──────── TASK DATA

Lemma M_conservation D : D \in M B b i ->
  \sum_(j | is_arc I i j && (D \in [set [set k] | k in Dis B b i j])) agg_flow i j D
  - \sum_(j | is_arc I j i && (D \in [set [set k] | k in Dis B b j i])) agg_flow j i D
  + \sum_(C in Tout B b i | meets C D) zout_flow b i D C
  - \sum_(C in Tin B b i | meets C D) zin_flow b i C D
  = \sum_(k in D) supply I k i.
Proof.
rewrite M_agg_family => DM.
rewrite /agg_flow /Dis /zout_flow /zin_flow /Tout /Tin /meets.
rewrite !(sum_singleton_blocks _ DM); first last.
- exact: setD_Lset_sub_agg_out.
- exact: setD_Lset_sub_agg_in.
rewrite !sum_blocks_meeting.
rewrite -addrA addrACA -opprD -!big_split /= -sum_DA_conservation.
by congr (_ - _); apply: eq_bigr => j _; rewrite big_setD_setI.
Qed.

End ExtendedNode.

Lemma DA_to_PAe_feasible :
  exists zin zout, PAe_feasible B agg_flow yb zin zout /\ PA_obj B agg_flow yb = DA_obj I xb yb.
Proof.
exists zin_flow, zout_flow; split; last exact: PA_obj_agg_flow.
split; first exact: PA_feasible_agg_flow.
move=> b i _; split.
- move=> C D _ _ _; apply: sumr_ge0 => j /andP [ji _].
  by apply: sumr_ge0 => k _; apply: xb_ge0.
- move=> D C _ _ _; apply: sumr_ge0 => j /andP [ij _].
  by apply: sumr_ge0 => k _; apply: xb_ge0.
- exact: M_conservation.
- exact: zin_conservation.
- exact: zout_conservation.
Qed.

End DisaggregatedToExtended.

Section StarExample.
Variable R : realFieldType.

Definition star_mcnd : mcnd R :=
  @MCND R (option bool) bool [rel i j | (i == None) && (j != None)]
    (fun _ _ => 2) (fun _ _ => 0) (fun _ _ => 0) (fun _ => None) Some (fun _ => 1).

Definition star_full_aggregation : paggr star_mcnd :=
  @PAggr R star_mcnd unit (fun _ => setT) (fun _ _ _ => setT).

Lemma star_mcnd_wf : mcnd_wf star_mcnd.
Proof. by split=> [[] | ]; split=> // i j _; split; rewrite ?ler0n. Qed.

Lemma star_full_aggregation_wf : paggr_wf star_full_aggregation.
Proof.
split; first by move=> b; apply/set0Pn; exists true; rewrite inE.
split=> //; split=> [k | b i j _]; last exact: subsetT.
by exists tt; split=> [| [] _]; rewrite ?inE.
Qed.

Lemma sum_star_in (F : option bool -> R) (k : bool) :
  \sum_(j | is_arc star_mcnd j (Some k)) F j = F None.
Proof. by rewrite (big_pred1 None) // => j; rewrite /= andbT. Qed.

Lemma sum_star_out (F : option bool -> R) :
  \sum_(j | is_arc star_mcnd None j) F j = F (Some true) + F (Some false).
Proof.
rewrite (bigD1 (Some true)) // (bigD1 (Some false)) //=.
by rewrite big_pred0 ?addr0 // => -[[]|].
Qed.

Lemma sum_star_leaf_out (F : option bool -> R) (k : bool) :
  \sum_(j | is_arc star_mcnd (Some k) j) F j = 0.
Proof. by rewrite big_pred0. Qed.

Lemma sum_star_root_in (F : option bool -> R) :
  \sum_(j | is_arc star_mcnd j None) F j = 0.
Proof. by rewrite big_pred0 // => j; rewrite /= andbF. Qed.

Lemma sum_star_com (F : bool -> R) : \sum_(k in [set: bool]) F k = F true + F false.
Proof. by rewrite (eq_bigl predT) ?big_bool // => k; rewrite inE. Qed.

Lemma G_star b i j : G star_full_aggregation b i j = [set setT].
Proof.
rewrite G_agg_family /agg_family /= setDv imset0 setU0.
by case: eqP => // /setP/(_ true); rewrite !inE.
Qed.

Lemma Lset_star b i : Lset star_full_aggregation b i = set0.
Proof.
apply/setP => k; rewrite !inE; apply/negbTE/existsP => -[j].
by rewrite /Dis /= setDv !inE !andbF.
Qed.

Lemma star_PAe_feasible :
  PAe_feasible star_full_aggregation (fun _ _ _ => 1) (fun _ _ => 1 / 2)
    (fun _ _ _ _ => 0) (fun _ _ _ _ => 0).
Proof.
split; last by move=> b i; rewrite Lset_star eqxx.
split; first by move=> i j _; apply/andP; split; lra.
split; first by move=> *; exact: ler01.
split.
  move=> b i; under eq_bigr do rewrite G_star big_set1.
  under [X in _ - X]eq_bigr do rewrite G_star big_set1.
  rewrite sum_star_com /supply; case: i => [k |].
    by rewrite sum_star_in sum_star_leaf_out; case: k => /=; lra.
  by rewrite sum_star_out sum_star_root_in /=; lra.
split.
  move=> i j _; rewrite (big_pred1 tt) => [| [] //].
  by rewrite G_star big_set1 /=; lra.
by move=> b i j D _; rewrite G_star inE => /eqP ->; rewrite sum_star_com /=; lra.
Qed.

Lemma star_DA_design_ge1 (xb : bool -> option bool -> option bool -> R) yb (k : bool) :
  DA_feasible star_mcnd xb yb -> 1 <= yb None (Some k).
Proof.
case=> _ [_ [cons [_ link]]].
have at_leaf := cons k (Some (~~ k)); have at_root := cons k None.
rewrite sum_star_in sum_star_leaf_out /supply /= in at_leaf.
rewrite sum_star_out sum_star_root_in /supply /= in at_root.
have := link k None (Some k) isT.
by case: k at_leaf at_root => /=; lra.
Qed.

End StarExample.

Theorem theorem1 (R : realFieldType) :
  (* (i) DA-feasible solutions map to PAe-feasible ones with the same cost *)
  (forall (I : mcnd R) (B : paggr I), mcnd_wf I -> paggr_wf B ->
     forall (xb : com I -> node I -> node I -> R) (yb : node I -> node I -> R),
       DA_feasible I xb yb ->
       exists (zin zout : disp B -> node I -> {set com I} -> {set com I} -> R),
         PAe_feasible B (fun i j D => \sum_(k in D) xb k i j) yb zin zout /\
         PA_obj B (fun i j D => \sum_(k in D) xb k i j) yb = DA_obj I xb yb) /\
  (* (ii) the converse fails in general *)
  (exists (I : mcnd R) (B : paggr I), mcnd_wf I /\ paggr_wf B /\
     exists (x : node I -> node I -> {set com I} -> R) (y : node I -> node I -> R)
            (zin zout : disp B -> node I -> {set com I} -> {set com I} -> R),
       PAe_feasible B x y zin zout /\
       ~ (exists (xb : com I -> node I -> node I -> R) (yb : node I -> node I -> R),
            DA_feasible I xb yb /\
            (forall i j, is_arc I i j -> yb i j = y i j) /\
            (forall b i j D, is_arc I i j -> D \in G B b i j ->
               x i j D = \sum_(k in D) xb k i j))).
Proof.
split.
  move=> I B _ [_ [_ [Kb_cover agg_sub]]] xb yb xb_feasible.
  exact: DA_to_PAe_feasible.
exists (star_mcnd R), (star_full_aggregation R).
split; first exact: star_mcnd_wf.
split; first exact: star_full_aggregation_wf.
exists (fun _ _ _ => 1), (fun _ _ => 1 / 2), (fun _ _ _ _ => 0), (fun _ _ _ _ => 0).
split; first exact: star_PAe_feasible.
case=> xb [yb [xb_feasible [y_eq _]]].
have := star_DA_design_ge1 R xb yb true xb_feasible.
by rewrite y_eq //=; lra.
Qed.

────────────────

| TASK TO COMPLETE |
Would you show every line in the data above that contains the string "andP"?

| RESULT OF THE EXERCISE |
- move=> C D _ _ _; apply: sumr_ge0 => j /andP [ji _].
- move=> D C _ _ _; apply: sumr_ge0 => j /andP [ij _].
split; first by move=> i j _; apply/andP; split; lra.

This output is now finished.